Doch so wie es aussah, konnte er sich zumindest die Gesellschaft an diesem Abend nicht erwarten.
Er drückte sich mit seinen breiten Schultern und seiner verfinsterten Miene zum Tresen durch. Der Wirt schaute ihn verängstigt an und stellte rasch sein Glas, ab das er mit einem dünnen Tuch trocknete.
„Ah Samurai; was kann ich euch anbieten?", fragte er mit einer angedeuteten Verbeugung. Shihai hob die Braue.
„Sake", brummte er und stützte sich mit den Ellenbogen auf die Theke.
„Oi", sprach er den Schankwirt erneut an, „wo sind die Frauen? Hier sind nur Männer. Das ist ja schlimm."
„Oh Frauen brauchen ihr Glück hier gar nicht versuchen", erzählte der nun aufgelockerte Wirt und stellte Shihai sein Glas hin. Dieser schaute ihn als Antwort nur an.
„Wir haben hier in unserer kleinen Stadt eine wunderschöne Geisha. Sie ist so anmutig, grazil und wunderschön anzusehen. Das macht die Männer hier so verrückt, dass Sie darüber hinwegsehen das Sie...", er machte eine dramatische Pause und rückte Shihais Gesicht bis auf wenige Zentimeter nahe. Dann flüsterte er: „...ein Mann ist! Glaubt man das?"
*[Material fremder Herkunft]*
Definition valid_cpnet (k : nat) (N : cpnet n m) : bool :=
  [&&
      [forall i, forall o : outcome n m, forall a, ~~ pref N i o a a],
      [forall i, forall o : outcome n m, forall a, forall b, forall c,
          pref N i o a b && pref N i o b c ==> pref N i o a c],
      [forall i, forall o : outcome n m, forall a, forall b,
          (a != b) ==> pref N i o a b || pref N i o b a],
      [forall i, i \notin pa N i],
      [forall i, forall o : outcome n m, forall o' : outcome n m,
          [forall j in pa N i, o j == o' j] ==>
          [forall a, forall b, pref N i o a b == pref N i o' a b]],
      [forall i, forall j in pa N i, exists o : outcome n m, exists o' : outcome n m,
          [forall l, (l != j) ==> (o l == o' l)] &&
          [exists a, exists b, pref N i o a b != pref N i o' a b]],
      [forall i, #|pa N i| <= k]
    & acyclic N].

Definition edges (N : cpnet n m) : nat := \sum_i #|pa N i|.

Definition iflip (N : cpnet n m) : rel (outcome n m) := fun o o' =>
  [exists i, [&& [forall j, (j != i) ==> (o' j == o j)], o' i != o i &
                 pref N i o (o' i) (o i)]].

Definition succ (N : cpnet n m) (a b : outcome n m) : bool :=
  [exists o1 : outcome n m, iflip N b o1 && connect (iflip N) o1 a].

Definition is_swap (x : outcome n m * outcome n m) : bool :=
  [exists i, (x.1 i != x.2 i) && [forall j, (j != i) ==> (x.1 j == x.2 j)]].

Definition swap_space (X : {set outcome n m * outcome n m}) : bool :=
  [forall x : outcome n m * outcome n m, (x \in X) ==> is_swap x] &&
  [forall x : outcome n m * outcome n m, is_swap x ==> ((x \in X) (+) ((x.2, x.1) \in X))].

Definition concept (N : cpnet n m) (x : outcome n m * outcome n m) : bool :=
  succ N x.1 x.2.

Definition teaching_set (k : nat) (X S : {set outcome n m * outcome n m})
    (N : cpnet n m) : bool :=
  (S \subset X) &&
  [forall N' : cpnet n m, valid_cpnet k N' ==>
     ([forall x in S, concept N' x == concept N x] ==>
      [forall x in X, concept N' x == concept N x])].

(* teaching dimension (X itself is always a teaching set, so the min is attained) *)
Definition TD (k : nat) (X : {set outcome n m * outcome n m}) (N : cpnet n m) : nat :=
  \big[minn/#|X|]_(S : {set outcome n m * outcome n m} | teaching_set k X S N) #|S|.

End CPnets.

(* M_k = (n-k) m^k + (m^k - 1)/(m - 1)  (exact division for m >= 2) *)
Definition Mk (n m k : nat) : nat := (n - k) * m ^ k + (m ^ k - 1) %/ (m - 1).

Definition k_covering (n m k : nat) (S : {set {ffun 'I_(n.-1) -> 'I_m}}) : bool :=
  [forall K : {set 'I_(n.-1)}, (#|K| == k) ==>
     [forall v : {ffun 'I_(n.-1) -> 'I_m},
        [exists s in S, [forall j in K, s j == v j]]]].

Definition Uk (n m k : nat) : nat :=
  \big[minn/#|{ffun 'I_(n.-1) -> 'I_m}|]_(S : {set {ffun 'I_(n.-1) -> 'I_m}} | @k_covering n m k S) #|S|.

(* Upper bound: the swap of v_i between the values a and b, taken in a context o,
   reveals whether a >_{o[Pa(v_i)]} b.  For every v_i and every context drawn from a
   k-covering set S (completed by [ext]), the m-1 swaps between values that are consecutive
   in the order determine that order; one more swap per edge p -> v_i witnesses that p is a
   relevant parent.  A consistent acyclic k-bounded net then has at least the parents of N,
   every context agrees on its (at most k) parents with one drawn from S, and so the net
   agrees with N everywhere.

   Lower bound: order the variables topologically and enlarge Pa(v_i) to a set [ctx_vars i]
   of min(#earlier variables, k) earlier variables.  For each assignment g of [ctx_vars i]
   and each pair of values consecutive in the order of v_i under g, exchanging the two values
   in all contexts extending g yields another acyclic k-bounded net (after dropping dummy
   parents).  It differs from N exactly on swaps of v_i between these values in such
   contexts, so every teaching set contains one of them, and these sets of swaps are
   pairwise disjoint.  Their number is (m-1) * sum_i m^#|ctx_vars i| = (m-1) M_k. *)

From mathcomp Require Import all_boot fingroup perm zify.
Set Implicit Arguments. Unset Strict Implicit. Unset Printing Implicit Defensive.

Lemma card_between (T : finType) (A B : {set T}) k : A \subset B -> #|A| <= k -> k <= #|B| ->
  exists C : {set T}, [/\ A \subset C, C \subset B & #|C| = k].
Proof.
move=> AB; elim: k => [|k IH].
  by move=> le_A _; exists A; split=> //; apply/eqP; rewrite -leqn0.
rewrite leq_eqVlt => /orP [/eqP <- _|lt_A lt_B]; first by exists A.
have [C [AC CB card_C]] := IH lt_A (ltnW lt_B).
have /subsetPn [x xB xC] : ~~ (B \subset C).
  by apply: contraTN lt_B => /subset_leq_card; rewrite card_C -leqNgt.
exists (x |: C); split; first exact: subset_trans AC (subsetUr _ _).
  by rewrite subUset sub1set xB.
by rewrite cardsU1 xC card_C.
Qed.

Lemma card_bigcup_le (I T : finType) (A : I -> {set T}) : #|\bigcup_i A i| <= \sum_i #|A i|.
Proof.
elim/big_ind2: _ => [|v1 B1 v2 B2 le1 le2|//]; first by rewrite cards0.
by rewrite (leq_trans (leq_card_setU B1 B2)) ?leq_add.
Qed.

Lemma geq_bigmin_cond (I : finType) (P : pred I) (F : I -> nat) x i0 :
  P i0 -> \big[minn/x]_(i | P i) F i <= F i0.
Proof.
move=> P_i0; elim: (index_enum I) (mem_index_enum i0) => // i s IH.
rewrite big_cons inE => /orP [/eqP <-|/IH le_s].
  by rewrite P_i0 geq_minl.
by case: (P i) => //; rewrite (leq_trans (geq_minr _ _)).
Qed.

Lemma leq_bigmin (I : finType) (P : pred I) (F : I -> nat) x v :
  v <= x -> (forall i, P i -> v <= F i) -> v <= \big[minn/x]_(i | P i) F i.
Proof. by move=> le_x le_F; elim/big_ind: _ => // a b; rewrite leq_min => ->. Qed.

Lemma leq_card_hitting (I T : finType) (D : {pred I}) (S : {pred T}) (P : I -> pred T) :
    {in D, forall q, exists2 w, w \in S & P q w} ->
    {in D &, forall q q' w, P q w -> P q' w -> q = q'} ->
  #|D| <= #|S|.
Proof.
move=> hit uniq_P; pose f q := [pick w in S | P q w].
have f_hit q : q \in D -> exists2 w, f q = Some w & (w \in S) && P q w.
  move=> /hit [w0 S_w0 P_w0]; rewrite /f.
  by case: pickP => [w|/(_ w0)]; [exists w | rewrite S_w0 P_w0].
have f_inj : {in D &, injective f}.
  move=> q q' D_q D_q'; have [w -> /andP [_ P_w]] := f_hit q D_q.
  have [w' -> /andP [_ P_w']] := f_hit q' D_q' => -[eq_w].
  by apply: uniq_P P_w _ => //; rewrite eq_w.
rewrite -(card_in_imset f_inj) -(card_imset S (@Some_inj _)) subset_leq_card //.
by apply/subsetP => _ /imsetP [q /f_hit [w -> /andP [S_w _]] ->]; rewrite imset_f.
Qed.

Lemma card_dep_setX (I J : finType) (A : I -> {set J}) :
  #|[set q : I * J | q.2 \in A q.1]| = \sum_i #|A i|.
Proof.
rewrite -sum1_card big_mkcond /=.
rewrite [RHS](eq_bigr (fun i => \sum_j (if j \in A i then 1 else 0))) => [|i _]; last first.
  by rewrite -sum1_card big_mkcond.
rewrite (pair_big xpredT xpredT (fun i j => if j \in A i then 1 else 0)) /=.
by apply: eq_bigr => q _; rewrite inE.
Qed.

Lemma geometric_sum m k : 0 < m -> (m - 1) * \sum_(t < k) m ^ t = m ^ k - 1.
Proof.
move=> m_gt0; elim: k => [|k IH]; first by rewrite big_ord0 muln0.
rewrite big_ord_recr /= mulnDr IH expnS; have : 0 < m ^ k by rewrite expn_gt0 m_gt0.
by move: (m ^ k) => p p_gt0; nia.
Qed.

Lemma sum_expn_minn n m k : 1 < m -> k < n ->
  (m - 1) * \sum_(t < n) m ^ minn t k = (m - 1) * Mk n m k.
Proof.
move=> m_gt1 lt_kn; pose F t := m ^ minn t k.
rewrite /Mk -(big_mkord xpredT F) (@big_cat_nat _ _ _ k 0 n _ _ (leq0n k) (ltnW lt_kn)) /=.
rewrite (eq_big_nat _ _ (F2 := fun t => m ^ t)); last first.
  by move=> t /andP [_ /ltnW lt_tk]; rewrite /F (minn_idPl lt_tk).
rewrite (eq_big_nat _ _ (m := k) (F2 := fun=> m ^ k)); last first.
  by move=> t /andP [le_kt _]; rewrite /F (minn_idPr le_kt).
rewrite sum_nat_const_nat (big_mkord xpredT) -(geometric_sum k (ltnW m_gt1)).
by rewrite mulKn 1?addnC //; lia.
Qed.

Lemma lt_ord_pred m (t : 'I_m.-1) : t.+1 < #|'I_m|.
Proof. by rewrite card_ord; have := ltn_ord t; lia. Qed.

Lemma connect_homo_scc (T : finType) (U : Type) (e : rel T) (R : rel U) (f : T -> U) u :
    reflexive R -> transitive R ->
    (forall x y, connect e u x -> e x y -> connect e y u -> R (f x) (f y)) ->
  forall x y, connect e u x -> connect e x y -> connect e y u -> R (f x) (f y).
Proof.
move=> reflR trR step x y ux /connectP [p]; elim: p x ux => [|z p IH] x ux /=.
  by move=> _ ->.
case/andP=> exz pz y_last yu.
have zu : connect e z u by rewrite (connect_trans _ yu) // y_last (path_connect pz (mem_last z p)).
exact: trR _ _ _ (step x z ux exz zu) (IH z (connect_trans ux (connect1 exz)) pz y_last yu).
Qed.

(** * Strict total orders and ranks *)

Definition strict_total (T : eqType) (r : rel T) :=
  [/\ irreflexive r, transitive r & forall a b, a != b -> r a b || r b a].

Section StrictTotal.
Variables (T : eqType) (r : rel T).
Hypothesis str : strict_total r.

Lemma strict_asym a b : r a b -> r b a = false.
Proof.
case: str => irr tr _ rab; apply/negbTE/negP => rba.
by move: (irr a); rewrite (tr _ _ _ rab rba).
Qed.

Lemma strict_connex a b : a != b -> r a b = false -> r b a.
Proof. by case: str => _ _ tot /tot + rab; rewrite rab. Qed.

Lemma strict_neg a b : a != b -> r b a = ~~ r a b.
Proof.
move=> neq_ab; case rab: (r a b); first exact: strict_asym.
exact: strict_connex.
Qed.

Lemma eq_strict_total r' : r =2 r' -> strict_total r'.
Proof.
move=> eq_r; case: str => irr tr tot; split=> [a|b a c|a b]; rewrite -!eq_r //; first exact: tr.
exact: tot.
Qed.
Lemma strict_total_inj (f : T -> T) : injective f -> strict_total (fun a b => r (f a) (f b)).
Proof.
move=> f_inj; case: str => irr tr tot; split=> [a|b a c|a b neq_ab] //; first exact: tr.
by apply: tot; rewrite (inj_eq f_inj).
Qed.
End StrictTotal.

Section Rank.
Variables (T : finType) (r : rel T).
Hypothesis str : strict_total r.

Lemma strict_total_sub r' : strict_total r' -> subrel r r' -> r' =2 r.
Proof.
move=> str' sub a b; case: (eqVneq a b) => [->|neq_ab].
  by case: str => -> _ _; case: str' => -> _ _.
case rab: (r a b); first exact: sub.
exact/(strict_asym str')/sub/(strict_connex str neq_ab).
Qed.
Theorem lemma1 (R : realType) (n : nat) (phi : R -> R) (g : 'rV[R]_n -> R) :
  (0 < n)%N ->
  continuous phi ->
  unif_approx_by_injective phi ->
  @approximates R n (@N_family R phi n) g ->
  @approximates R n (@Nstar_family R n) g.
Proof.
move=> n0 phi_cont [psi [psi_cont_inj psi_cvgN]] g_approx A A_compact e e0.
have psi_cvg : unif_cvg_on setT psi phi.
  by move=> d d0; have [N hN] := psi_cvgN d d0; exists N => // j /= hj x _; exact: hN.
have e2 : 0 < e / 2 by rewrite divr_gt0.
have [G [NG G_close]] := g_approx A A_compact _ e2.
have [H [NH H_close]] := N_family_approx_by_Nstar phi_cont
  (fun j => proj1 (psi_cont_inj j)) (fun j => proj2 (psi_cont_inj j)) psi_cvg
  n0 (compact_bounded A_compact) NG e2.
exists H; split=> // x Ax; have := ler_normD (H x - G x) (G x - g x).
by rewrite addrA subrK; have := H_close x Ax; have := G_close x Ax; lra.
Qed.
Shihai trank sein Glas in einem Zug leer und schaute weiter ausdruckslos in das vielsagende Gesicht des Wirts. Dieser nahm die entstandene Stille als schlechtes Zeichen auf und begann sich zu rechtfertigen: „Also nicht das mich das was angeht oder stört oder so. Jeder soll ja machen was er will und ihm glücklich macht, wer dafür einem armen Kerl helfen will."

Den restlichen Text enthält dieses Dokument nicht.